▶ ACTION ITEM
Nothing but the lines from the start of the records through the line that contains "Definition coord (n" is to be copied, and each is to be copied exactly.

Stored data entries
____________

(* Let $w\ge 5$ and let $C_1$ be the set of vertices $x=(x_1,\dots,x_{2w})$ of the Johnson graph $J(2w,w)$ such that $(x_1,x_2,x_3,x_4,x_5)\in B$, where $B=\{(0,0,0,0,0),(0,0,1,0,0),(0,0,0,1,0),(0,0,0,0,1),(1,0,1,0,0),(0,1,0,1,0),(0,0,1,0,1),(0,0,0,1,1),(1,1,1,1,1),(1,1,0,1,1),(1,1,1,0,1),(1,1,1,1,0),(0,1,0,1,1),(1,0,1,0,1),(1,1,0,1,0),(1,1,1,0,0)\}$, and let $C_2$ be the complement of $C_1$. Then $(C_1,C_2)$ is an equitable partition with quotient matrix $\begin{pmatrix} w^2-2w & 2w\\ 2w-2 & w^2-2w+2\end{pmatrix}$.
   Context: The Johnson graph $J(n,w)$ has as vertices the binary vectors of length $n$ with exactly $w$ ones; two vertices are adjacent iff they have exactly $w-1$ common ones. A partition $(C_1,C_2)$ of the vertex set is equitable with quotient matrix $S=(s_{ij})$ if every vertex of $C_i$ has exactly $s_{ij}$ neighbours in $C_j$. *)

From mathcomp Require Import all_boot.
Set Implicit Arguments. Unset Strict Implicit. Unset Printing Implicit Defensive.

Definition jvert (n w : nat) : {set {ffun 'I_n -> bool}} :=
  [set x : {ffun 'I_n -> bool} | #|[set i | x i]| == w].

Definition jadj (n w : nat) (x y : {ffun 'I_n -> bool}) : bool :=
  #|[set i | x i && y i]| == w.-1.

(* The j-th coordinate (0-based) of x, i.e. x_{j+1} in the paper. *)
Definition coord (n : nat) (x : {ffun 'I_n -> bool}) (j : nat) : bool :=
  [exists i : 'I_n, (val i == j) && x i].

Definition B : seq (seq bool) :=
  [:: [:: false; false; false; false; false];
      [:: false; false; true ; false; false];
      [:: false; false; false; true ; false];
      [:: false; false; false; false; true ];
      [:: true ; false; true ; false; false];
      [:: false; true ; false; true ; false];
      [:: false; false; true ; false; true ];
      [:: false; false; false; true ; true ];
      [:: true ; true ; true ; true ; true ];
      [:: true ; true ; false; true ; true ];
      [:: true ; true ; true ; false; true ];
      [:: true ; true ; true ; true ; false];
      [:: false; true ; false; true ; true ];
      [:: true ; false; true ; false; true ];
      [:: true ; true ; false; true ; false];
      [:: true ; true ; true ; false; false] ].

Definition C1 (w : nat) : {set {ffun 'I_(2 * w) -> bool}} :=
  [set x in jvert (2 * w) w |
     [:: coord x 0; coord x 1; coord x 2; coord x 3; coord x 4] \in B].

Definition C2 (w : nat) : {set {ffun 'I_(2 * w) -> bool}} :=
  jvert (2 * w) w :\: C1 w.

Definition nbrs_in (T : finType) (V : {set T}) (adj : rel T) (x : T) (C : {set T}) : nat :=
  #|[set y in V | (y \in C) && adj x y]|.

Definition equitable2 (T : finType) (V : {set T}) (adj : rel T)
    (D1 D2 : {set T}) (s11 s12 s21 s22 : nat) : Prop :=
  [/\ D1 :|: D2 = V, [disjoint D1 & D2], (D1 != set0) && (D2 != set0),
      (forall x, x \in D1 -> nbrs_in V adj x D1 = s11 /\ nbrs_in V adj x D2 = s12) &
      (forall x, x \in D2 -> nbrs_in V adj x D1 = s21 /\ nbrs_in V adj x D2 = s22)].

(* The neighbours of a vertex x of J(n,w) are exactly the vectors obtained from x by moving
   one of its ones, at a position i, to a zero position j, and distinct pairs (i, j) give
   distinct neighbours.  Whether the result lies in C_1 depends only on the first five
   coordinates of x and on which of i, j lie among them: all later positions behave alike.
   So the number of neighbours in C_1 is a polynomial in the numbers of ones and zeros of x
   beyond the fifth coordinate, one polynomial per prefix, and checking the 32 prefixes
   gives w^2 - 2w or 2w - 2 according as the prefix is in B.  The counts into C_2 follow
   because J(2w, w) is w^2-regular. *)

From mathcomp Require Import all_boot zify.
Set Implicit Arguments. Unset Strict Implicit. Unset Printing Implicit Defensive.

Section JohnsonNeighbours.
Variables n w : nat.
Implicit Types (x y : {ffun 'I_n -> bool}) (i j : 'I_n).

Definition jswap x i j : {ffun 'I_n -> bool} :=
  [ffun k => if k == i then false else if k == j then true else x k].

Lemma sum_jvert x : x \in jvert n w -> \sum_i (x i : nat) = w.
Proof.
rewrite inE => /eqP <-; rewrite -sum1_card [RHS]big_mkcond /=.
by apply: eq_bigr => i _; rewrite inE; case: (x i).
Qed.

Lemma card_jswap_common x i j : x \in jvert n w -> x i -> ~~ x j ->
  #|[set k | x k && jswap x i j k]| = w.-1.
Proof.
rewrite inE => /eqP cx xi xj.
have -> : [set k | x k && jswap x i j k] = [set k | x k] :\ i.
  apply/setP => k; rewrite !inE ffunE.
  case: (eqVneq k i) => [->|_]; first by rewrite andbF.
  by case: (eqVneq k j) => [->|_]; rewrite ?(negbTE xj) ?andbb.
by move: (cardsD1 i [set k | x k]); rewrite cx inE xi => ->.
Qed.

Lemma jadj_jswap x i j : x \in jvert n w -> x i -> ~~ x j -> jadj w x (jswap x i j).
Proof. by move=> xV xi xj; rewrite /jadj card_jswap_common. Qed.

Lemma jswap_jvert x i j : x \in jvert n w -> x i -> ~~ x j -> jswap x i j \in jvert n w.
Proof.
move=> xV xi xj; have := card_jswap_common xV xi xj.
move: xV; rewrite !inE => /eqP cx.
have ij : i != j by apply: contraNneq xj => <-.
have -> : [set k | jswap x i j k] = j |: [set k | x k && jswap x i j k].
  apply/setP => k; rewrite !inE !ffunE.
  case: ifP => [/eqP->|_]; first by rewrite (negbTE ij) andbF.
  by case: ifP; rewrite ?andbb.
have w_gt0 : 0 < w by rewrite -cx; apply/card_gt0P; exists i; rewrite inE.
by rewrite cardsU1 !inE ffunE eqxx (negbTE xj) => ->; apply/eqP; lia.
Qed.

Lemma jadj_jswapP x y : 0 < w -> x \in jvert n w -> y \in jvert n w -> jadj w x y ->
  exists2 p : 'I_n * 'I_n, x p.1 && ~~ x p.2 & y = jswap x p.1 p.2.
Proof.
rewrite /jvert /jadj !inE => w_gt0 /eqP cx /eqP cy /eqP cxy.
have I : [set k | x k && y k] = [set k | x k] :&: [set k | y k].
  by apply/setP => k; rewrite !inE.
have /cards1P[i Ei] : #|[set k | x k] :\: [set k | y k]| == 1.
  by move: (cardsID [set k | y k] [set k | x k]); rewrite -I cxy cx; lia.
have /cards1P[j Ej] : #|[set k | y k] :\: [set k | x k]| == 1.
  by move: (cardsID [set k | x k] [set k | y k]); rewrite setIC -I cxy cy; lia.
have := set11 i; have := set11 j; rewrite -Ei -Ej !inE => /andP[xj yj] /andP[yi xi].
exists (i, j); first by rewrite /= xi xj.
apply/ffunP => k; rewrite ffunE.
case: (eqVneq k i) => [->|ki]; first exact/negbTE.
case: (eqVneq k j) => [->|kj] //.
have : k \notin [set k | x k] :\: [set k | y k] by rewrite Ei inE.
have : k \notin [set k | y k] :\: [set k | x k] by rewrite Ej inE.
by rewrite !inE; case: (x k); case: (y k).
Qed.

Lemma jswap_inj x i j i' j' : x i -> ~~ x j -> x i' -> ~~ x j' ->
  jswap x i j = jswap x i' j' -> (i, j) = (i', j').
Proof.
move=> xi xj xi' xj' e.
have ii' : i = i'.
  apply/eqP; apply: contraTT isT => ne.
  have := congr1 (fun f : {ffun _} => f i) e.
  by rewrite !ffunE eqxx (negbTE ne) xi; case: (i == j').
subst i'; congr (_, _); apply/eqP; apply: contraTT isT => ne.
have j'i : j' != i by apply: contraNneq xj' => ->.
have := congr1 (fun f : {ffun _} => f j') e.
by rewrite !ffunE eqxx (negbTE j'i) eq_sym (negbTE ne) (negbTE xj').
Qed.

Lemma nbrs_in_jswap (C : {set {ffun 'I_n -> bool}}) x : 0 < w -> x \in jvert n w ->
  nbrs_in (jvert n w) (@jadj n w) x C =
  \sum_i \sum_j (x i && ~~ x j && (jswap x i j \in C)).
Proof.
move=> w_gt0 xV.
set S := [set p : 'I_n * 'I_n | x p.1 && ~~ x p.2 && (jswap x p.1 p.2 \in C)].
have -> : \sum_i \sum_j (x i && ~~ x j && (jswap x i j \in C)) = #|S|.
  rewrite pair_big -sum1_card [RHS]big_mkcond /=; apply: eq_bigr => p _.
  by rewrite inE; case: (_ && _).
rewrite /nbrs_in.
have -> : [set y in jvert n w | (y \in C) && jadj w x y] = (fun p => jswap x p.1 p.2) @: S.
  apply/setP => y; rewrite inE; apply/andP/imsetP => [[yV /andP[yC xy]]|[[i j]]].
    have [p xp ey] := jadj_jswapP w_gt0 xV yV xy.
    by exists p; rewrite // inE xp -ey.
  rewrite inE /= => /andP[/andP[xi xj] sC] ->.
  by rewrite jswap_jvert // sC jadj_jswap.
rewrite card_in_imset // => [[i j] [i' j']].
by rewrite !inE /= => /andP[/andP[xi xj] _] /andP[/andP[xi' xj'] _]; apply: jswap_inj.
Qed.

Lemma nbrs_in_setD (C : {set {ffun 'I_n -> bool}}) x : 0 < w -> x \in jvert n w ->
  nbrs_in (jvert n w) (@jadj n w) x C +
  nbrs_in (jvert n w) (@jadj n w) x (jvert n w :\: C) = w * (n - w).
Proof.
move=> w_gt0 xV; rewrite !nbrs_in_jswap // -big_split /=.
transitivity (\sum_i \sum_j (x i * ~~ x j)).
  apply: eq_bigr => i _; rewrite -big_split; apply: eq_bigr => j _ /=.
  case: (boolP (x i)) => xi; case: (boolP (x j)) => xj //=.
  by rewrite inE jswap_jvert //; case: (_ \in C).
have sum_compl : \sum_j (x j : nat) + \sum_j (~~ x j : nat) = n.
  rewrite -big_split /= -[n in RHS]card_ord -sum1_card.
  by apply: eq_bigr => j _; case: (x j).
by rewrite -big_distrlr /= -[in RHS]sum_compl sum_jvert // addKn.
Qed.

Lemma initial_ones_jvert : w <= n -> [ffun i : 'I_n => i < w] \in jvert n w.
Proof.
move=> le_wn; rewrite inE.
have -> : [set i | [ffun i : 'I_n => i < w] i] = [set widen_ord le_wn k | k : 'I_w].
  apply/setP => i; rewrite !inE ffunE; apply/idP/imsetP => [lt_iw|[k _ ->]].
    by exists (Ordinal lt_iw) => //; apply: val_inj.
  by rewrite /= ltn_ord.
by rewrite card_imset ?card_ord // => a b [] /val_inj.
Qed.

End JohnsonNeighbours.

Definition nswap (f : nat -> bool) (i j k : nat) : bool :=
  if k == i then false else if k == j then true else f k.

Lemma coordE n (x : {ffun 'I_n -> bool}) (k : 'I_n) : coord x k = x k.
Proof.
apply/existsP/idP => [[i /andP[/eqP/val_inj -> //]]|xk].
by exists k; rewrite eqxx.
Qed.

Lemma coord_out n (x : {ffun 'I_n -> bool}) k : n <= k -> coord x k = false.
Proof.
move=> le_nk; apply/existsP => -[i /andP[/eqP ik _]].
by move: (ltn_ord i); rewrite ik ltnNge le_nk.
Qed.

Lemma coord_jswap n (x : {ffun 'I_n -> bool}) (i j : 'I_n) :
  coord (jswap x i j) =1 nswap (coord x) i j.
Proof.
move=> k; case: (ltnP k n) => [lt_kn|le_nk].
  by rewrite -[k]/(nat_of_ord (Ordinal lt_kn)) /nswap !coordE ffunE.
have far (l : 'I_n) : k == l = false.
  by apply/negbTE; rewrite neq_ltn (leq_trans _ le_nk) ?orbT.
by rewrite /nswap !coord_out // !far.
Qed.

Lemma mkseq_nswap_min f m i j :
  mkseq (nswap f i j) m = mkseq (nswap f (minn i m) (minn j m)) m.
Proof.
apply/eq_in_map => k; rewrite mem_iota add0n => /andP[_ lt_km].
have minE l : (k == minn l m) = (k == l).
  by case: leqP => // lt_ml; rewrite !ltn_eqF // (ltn_trans lt_km).
by rewrite /nswap !minE.
Qed.

Lemma sum2_collapse_tail (a b : nat -> nat) (F : nat -> nat -> nat) m n : m <= n ->
    (forall i j, F i j = F (minn i m) (minn j m)) ->
  \sum_(0 <= i < n) \sum_(0 <= j < n) a i * (b j * F i j) =
  \sum_(0 <= i < m) a i * (\sum_(0 <= j < m) b j * F i j + F i m * \sum_(m <= j < n) b j)
  + (\sum_(m <= i < n) a i) *
    (\sum_(0 <= j < m) b j * F m j + F m m * \sum_(m <= j < n) b j).
Proof.
move=> le_mn Fmin.
have Ftail i j : m <= j -> F i j = F i m.
  by move=> le_mj; rewrite Fmin (Fmin i m) minnn (minn_idPr le_mj).
have Fhead i j : m <= i -> F i j = F m j.
  by move=> le_mi; rewrite Fmin (Fmin m j) minnn (minn_idPr le_mi).
have row i : \sum_(0 <= j < n) b j * F i j =
    \sum_(0 <= j < m) b j * F i j + F i m * \sum_(m <= j < n) b j.
  rewrite (@big_cat_nat _ _ _ m 0 n) //= big_distrr /=; congr (_ + _).
  by apply: eq_big_nat => j /andP[le_mj _]; rewrite Ftail // mulnC.
under eq_bigr do rewrite -big_distrr /= row.
rewrite (@big_cat_nat _ _ _ m 0 n) //= big_distrl /=; congr (_ + _).
apply: eq_big_nat => i /andP[le_mi _]; congr (_ * (_ + _)); last by rewrite Fhead.
by apply: eq_big_nat => j _; rewrite Fhead.
Qed.

Definition swap_inB (f : nat -> bool) (i j : nat) : nat := mkseq (nswap f i j) 5 \in B.

(* [O] and [Z] count the ones and the zeros of [f] at positions 5, ..., 2w - 1. *)
Lemma swap_inB_count (f : nat -> bool) (O Z w : nat) :
    O + (f 0 + f 1 + f 2 + f 3 + f 4) = w -> O + Z + 5 = 2 * w ->
  \sum_(0 <= i < 5) f i *
      (\sum_(0 <= j < 5) ~~ f j * swap_inB f i j + swap_inB f i 5 * Z)
  + O * (\sum_(0 <= j < 5) ~~ f j * swap_inB f 5 j + swap_inB f 5 5 * Z)
  = if mkseq f 5 \in B then w ^ 2 - 2 * w else 2 * w - 2.
Proof.
rewrite /index_iota /= !big_cons !big_nil /swap_inB /nswap /mkseq /=.
by case: (f 0); case: (f 1); case: (f 2); case: (f 3); case: (f 4) => /=; nia.
Qed.

Lemma C1E w x : (x \in C1 w) = (x \in jvert (2 * w) w) && (mkseq (coord x) 5 \in B).
Proof. by rewrite inE. Qed.

Lemma initial_ones_C1 w : 5 <= w -> [ffun i : 'I_(2 * w) => i < w] \in C1 w.
Proof.
move=> w_ge5; rewrite C1E initial_ones_jvert; last by lia.
have head k : k < 5 -> coord [ffun i : 'I_(2 * w) => i < w] k.
  move=> lt_k5; have lt_kn : k < 2 * w by lia.
  by rewrite -[k]/(nat_of_ord (Ordinal lt_kn)) coordE ffunE /=; lia.
by rewrite /mkseq /= !head.
Qed.

Lemma nbrs_in_C1 w x : 5 <= w -> x \in jvert (2 * w) w ->
  nbrs_in (jvert (2 * w) w) (@jadj (2 * w) w) x (C1 w) =
  if mkseq (coord x) 5 \in B then w ^ 2 - 2 * w else 2 * w - 2.
Proof.
move=> w_ge5 xV; rewrite nbrs_in_jswap //; last by lia.
set f := coord x.
have term (i j : 'I_(2 * w)) :
    (x i && ~~ x j && (jswap x i j \in C1 w) : nat) = f i * (~~ f j * swap_inB f i j).
  rewrite /f !coordE; case: (boolP (x i)) => xi; case: (boolP (x j)) => xj //=.
  by rewrite C1E jswap_jvert // /swap_inB (eq_mkseq (coord_jswap x i j)); case: (_ \in B).
under eq_bigr do under eq_bigr do rewrite term.
rewrite -(big_mkord xpredT (fun i => \sum_(j < 2 * w) f i * (~~ f j * swap_inB f i j))).
under eq_bigr => i _ do rewrite -(big_mkord xpredT (fun j => f i * (~~ f j * swap_inB f i j))).
have le_5n : 5 <= 2 * w by lia.
have Fmin i j : swap_inB f i j = swap_inB f (minn i 5) (minn j 5).
  by rewrite /swap_inB mkseq_nswap_min.
rewrite (sum2_collapse_tail _ _ le_5n Fmin); apply: swap_inB_count.
- have : \sum_(0 <= k < 2 * w) f k = w.
    by rewrite big_mkord -[RHS](sum_jvert xV); apply: eq_bigr => i _; rewrite /f coordE.
  by rewrite (@big_cat_nat _ _ _ 5) ?big_nat_recr //= big_nil; lia.
- rewrite -big_split /= (eq_bigr (fun=> 1)) ?sum_nat_const_nat; first by lia.
  by move=> k _; case: (f k).
Qed.

Theorem mainTheorem4 (w : nat) (hw : 5 <= w) :
  equitable2 (jvert (2 * w) w) (@jadj (2 * w) w) (C1 w) (C2 w)
    (w ^ 2 - 2 * w) (2 * w) (2 * w - 2) (w ^ 2 - 2 * w + 2).
Proof.
have w_gt0 : 0 < w by lia.
have degree x : x \in jvert (2 * w) w ->
    nbrs_in (jvert (2 * w) w) (@jadj (2 * w) w) x (C1 w) +
    nbrs_in (jvert (2 * w) w) (@jadj (2 * w) w) x (C2 w) = w * w.
  by move=> xV; rewrite nbrs_in_setD //; congr (_ * _); lia.
set x0 := [ffun i : 'I_(2 * w) => i < w].
have x0C1 : x0 \in C1 w by apply: initial_ones_C1.
split.
- rewrite /C2 setDE setUIr setUCr setIT.
  by apply/setUidPr/subsetP => x; rewrite C1E => /andP[].
- rewrite disjoint_sym.
  by have /subsetDP[] : C2 w \subset jvert (2 * w) w :\: C1 w := subxx _.
- apply/andP; split; apply/set0Pn; first by exists x0.
  move: x0C1; rewrite C1E => /andP[x0V x0B].
  have : 0 < nbrs_in (jvert (2 * w) w) (@jadj (2 * w) w) x0 (C2 w).
    by move: (degree x0 x0V); rewrite nbrs_in_C1 // x0B; nia.
  by rewrite card_gt0 => /set0Pn[y]; rewrite inE => /andP[_ /andP[yC2 _]]; exists y.
- move=> x; rewrite C1E => /andP[xV xB].
  by move: (degree x xV); rewrite nbrs_in_C1 // xB; split; nia.
- move=> x; rewrite in_setD C1E => /andP[/nandP[/negP//|xB] xV].
  by move: (degree x xV); rewrite nbrs_in_C1 // (negbTE xB); split; nia.
Qed.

____________

▶ RESPONSE FOR THIS EXERCISE
(* Let $w\ge 5$ and let $C_1$ be the set of vertices $x=(x_1,\dots,x_{2w})$ of the Johnson graph $J(2w,w)$ such that $(x_1,x_2,x_3,x_4,x_5)\in B$, where $B=\{(0,0,0,0,0),(0,0,1,0,0),(0,0,0,1,0),(0,0,0,0,1),(1,0,1,0,0),(0,1,0,1,0),(0,0,1,0,1),(0,0,0,1,1),(1,1,1,1,1),(1,1,0,1,1),(1,1,1,0,1),(1,1,1,1,0),(0,1,0,1,1),(1,0,1,0,1),(1,1,0,1,0),(1,1,1,0,0)\}$, and let $C_2$ be the complement of $C_1$. Then $(C_1,C_2)$ is an equitable partition with quotient matrix $\begin{pmatrix} w^2-2w & 2w\\ 2w-2 & w^2-2w+2\end{pmatrix}$.
   Context: The Johnson graph $J(n,w)$ has as vertices the binary vectors of length $n$ with exactly $w$ ones; two vertices are adjacent iff they have exactly $w-1$ common ones. A partition $(C_1,C_2)$ of the vertex set is equitable with quotient matrix $S=(s_{ij})$ if every vertex of $C_i$ has exactly $s_{ij}$ neighbours in $C_j$. *)

From mathcomp Require Import all_boot.
Set Implicit Arguments. Unset Strict Implicit. Unset Printing Implicit Defensive.

Definition jvert (n w : nat) : {set {ffun 'I_n -> bool}} :=
  [set x : {ffun 'I_n -> bool} | #|[set i | x i]| == w].

Definition jadj (n w : nat) (x y : {ffun 'I_n -> bool}) : bool :=
  #|[set i | x i && y i]| == w.-1.

(* The j-th coordinate (0-based) of x, i.e. x_{j+1} in the paper. *)
Definition coord (n : nat) (x : {ffun 'I_n -> bool}) (j : nat) : bool :=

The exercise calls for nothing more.